[Records shown]
(* Let $G$ be a reflection subgroup of $G_7$, and let $n$ be the number of distinct reflection conjugacy classes of $G$. Suppose there exists an integer $m\ge n$ such that $G$ is class-searchable at every length greater than $m$, and such that for every $k\in\{1,\dots,m\}$ the following holds: two length-$k$ reflection factorizations that generate $G$ are Hurwitz equivalent if and only if they factor the same element and have the same multiset of conjugacy classes. Then the same statement holds for every length $k\ge 1$.
   Context: Let $G_7$ be the subgroup of $GL_2(\mathbb{C})$ generated by $s=\begin{bmatrix}1&0\\0&-1\end{bmatrix}$, $t=\frac14\begin{bmatrix}(1+\sqrt3)+(-1+\sqrt3)i & (1+\sqrt3)+(-1+\sqrt3)i\\ (-1+\sqrt3)-(1+\sqrt3)i & (1-\sqrt3)+(1+\sqrt3)i\end{bmatrix}$ and $u=t^{\top}$ (presentation $\langle s,t,u\mid s^2=t^3=u^3=1,\ stu=ust=tus\rangle$, order $144$). A reflection is a linear map of $\mathbb{C}^2$ whose fixed space has dimension $1$; a reflection subgroup of $G_7$ is a subgroup generated by reflections of $G_7$, and its reflection conjugacy classes are its conjugacy classes consisting of reflections. A reflection factorization of $g\in G$ of length $k$ is a tuple $(r_1,\dots,r_k)$ of reflections in $G$ with $r_1\cdots r_k=g$; it generates $\langle r_1,\dots,r_k\rangle$, and (when it generates $G$) its multiset of conjugacy classes is the multiset of $G$-conjugacy classes of its entries. The Hurwitz move $\sigma_i$ sends $(r_1,\dots,r_k)$ to $(r_1,\dots,r_{i-1},r_{i+1},r_{i+1}^{-1}r_ir_{i+1},r_{i+2},\dots,r_k)$; two factorizations are Hurwitz equivalent if one is obtained from the other by a finite sequence of Hurwitz moves. $G$ is class-searchable at length $k$ if: whenever $T$ is a length-$k$ reflection factorization generating $G$ and $K$ is a reflection conjugacy class of $G$ containing at least two entries of $T$, then for every $x\in K$ there is a factorization $T'$ Hurwitz equivalent to $T$ whose last entry is $x$ and whose first $k-1$ entries generate $G$. *)

From mathcomp Require Import all_boot all_order all_algebra all_field.
From Stdlib Require Import Relations Permutation.
From Stdlib Require List.
Set Implicit Arguments. Unset Strict Implicit. Unset Printing Implicit Defensive.
Import Order.TTheory GRing.Theory Num.Theory.
Local Open Scope ring_scope.

Definition mx := 'M[algC]_2.

Definition mx_of_list (L : seq (seq algC)) : mx :=
  \matrix_(i < 2, j < 2) nth 0 (nth [::] L i) j.

Definition r3 : algC := sqrtC 3%:R.

Definition G7_s : mx := mx_of_list [:: [:: 1; 0]; [:: 0; -1]].
Definition G7_t : mx := (4%:R)^-1 *:
  mx_of_list [:: [:: (1 + r3) + (-1 + r3) * 'i; (1 + r3) + (-1 + r3) * 'i];
                 [:: (-1 + r3) - (1 + r3) * 'i; (1 - r3) + (1 + r3) * 'i]].
Definition G7_u : mx := G7_t^T.

Inductive gen (S : mx -> Prop) : mx -> Prop :=
| gen_one : gen S 1
| gen_elt x : S x -> gen S x
| gen_mul x y : gen S x -> gen S y -> gen S (x * y)
| gen_inv x : gen S x -> gen S (invmx x).

Definition G7 : mx -> Prop := gen (fun x => x = G7_s \/ x = G7_t \/ x = G7_u).

(* A reflection: fixed space {v | g v = v} of dimension 1. *)
Definition is_reflection (g : mx) : Prop := \rank (kermx (g - 1)^T) = 1%N.

Definition conjugate_in (G : mx -> Prop) (x y : mx) : Prop :=
  exists h, G h /\ x = invmx h * y * h.

Definition num_refl_classes (G : mx -> Prop) (n : nat) : Prop :=
  exists reps : seq mx,
    size reps = n /\
    (forall r, r \in reps -> G r /\ is_reflection r) /\
    (forall i j, (i < n)%N -> (j < n)%N ->
        conjugate_in G (nth 0 reps i) (nth 0 reps j) -> i = j) /\
    (forall r, G r -> is_reflection r -> exists2 c, c \in reps & conjugate_in G r c).

Definition refl_fact (G : mx -> Prop) (T : seq mx) : Prop :=
  forall r, r \in T -> G r /\ is_reflection r.

Definition prodT (T : seq mx) : mx := \prod_(r <- T) r.

Definition generates (G : mx -> Prop) (T : seq mx) : Prop :=
  forall x, G x <-> gen (fun r => r \in T) x.

(* Hurwitz move sigma_{i+1} (0-based index i, requires i+1 < size T). *)
Definition hmove (i : nat) (T : seq mx) : seq mx :=
  take i T ++ [:: nth 0 T i.+1; invmx (nth 0 T i.+1) * nth 0 T i * nth 0 T i.+1]
    ++ drop i.+2 T.

Definition hstep (T T' : seq mx) : Prop :=
  exists i, (i.+1 < size T)%N /\ T' = hmove i T.

Definition hurwitz_equiv : seq mx -> seq mx -> Prop := clos_refl_trans _ hstep.

Definition same_classes (G : mx -> Prop) (T T' : seq mx) : Prop :=
  exists U, Permutation T U /\ List.Forall2 (conjugate_in G) U T'.

Definition class_searchable (G : mx -> Prop) (k : nat) : Prop :=
  forall T : seq mx, size T = k -> refl_fact G T -> generates G T ->
  forall c, G c -> is_reflection c ->
  (exists i j, (i < j)%N /\ (j < k)%N /\
      conjugate_in G (nth 0 T i) c /\ conjugate_in G (nth 0 T j) c) ->
  forall x, conjugate_in G x c ->
  exists T', hurwitz_equiv T T' /\ last 0 T' = x /\ generates G (take k.-1 T').

Definition hurwitz_criterion (G : mx -> Prop) (k : nat) : Prop :=
  forall T T' : seq mx, size T = k -> size T' = k ->
  refl_fact G T -> refl_fact G T' -> generates G T -> generates G T' ->
  (hurwitz_equiv T T' <-> prodT T = prodT T' /\ same_classes G T T').

From Stdlib Require Import Relations Permutation Classical_Prop.
From Stdlib Require List.
From mathcomp Require Import all_boot all_order all_algebra all_field ring zify.
Set Implicit Arguments. Unset Strict Implicit. Unset Printing Implicit Defensive.
Import Order.TTheory GRing.Theory Num.Theory.
Local Open Scope ring_scope.

(* Once k > m >= n, a generating factorization T has
   more entries than there are reflection classes, so some class c occurs twice
   in T, and also in any T' with the same classes.  Class-searchability moves c
   to the last position of both, leaving generating prefixes P and P' of length
   k - 1 with equal products and, after cancelling c, equal classes; so P ~ P'
   by the criterion at length k - 1, and T ~ P c ~ P' c ~ T'.  The last step
   runs a Hurwitz path backwards, which is possible because the square of a
   Hurwitz move conjugates the pair by its product and every element of G7 has
   order dividing 12; the latter is checked by exact computation over
   Z[sqrt 3, i] on the 144 elements of G7. *)

Lemma expr_eq1_unit (R : unitRingType) (x : R) n : x ^+ n.+1 = 1 -> x \is a GRing.unit.
Proof. by move=> xn1; apply/unitrP; exists (x ^+ n); rewrite -exprS -exprSr xn1. Qed.

Lemma expr_eq1_inv (R : unitRingType) (x : R) n : x ^+ n.+1 = 1 -> x^-1 = x ^+ n.
Proof.
move=> xn1; have xU := expr_eq1_unit xn1.
by apply: (mulrI xU); rewrite mulrV // -exprS xn1.
Qed.

(** * Hurwitz moves on pairs *)

Section Braid.
Variable R : unitRingType.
[/Records shown]
### About this task
Search the data above for the word "Permutation" and show every line that has it.

### Task result
From Stdlib Require Import Relations Permutation.
  exists U, Permutation T U /\ List.Forall2 (conjugate_in G) U T'.
From Stdlib Require Import Relations Permutation Classical_Prop.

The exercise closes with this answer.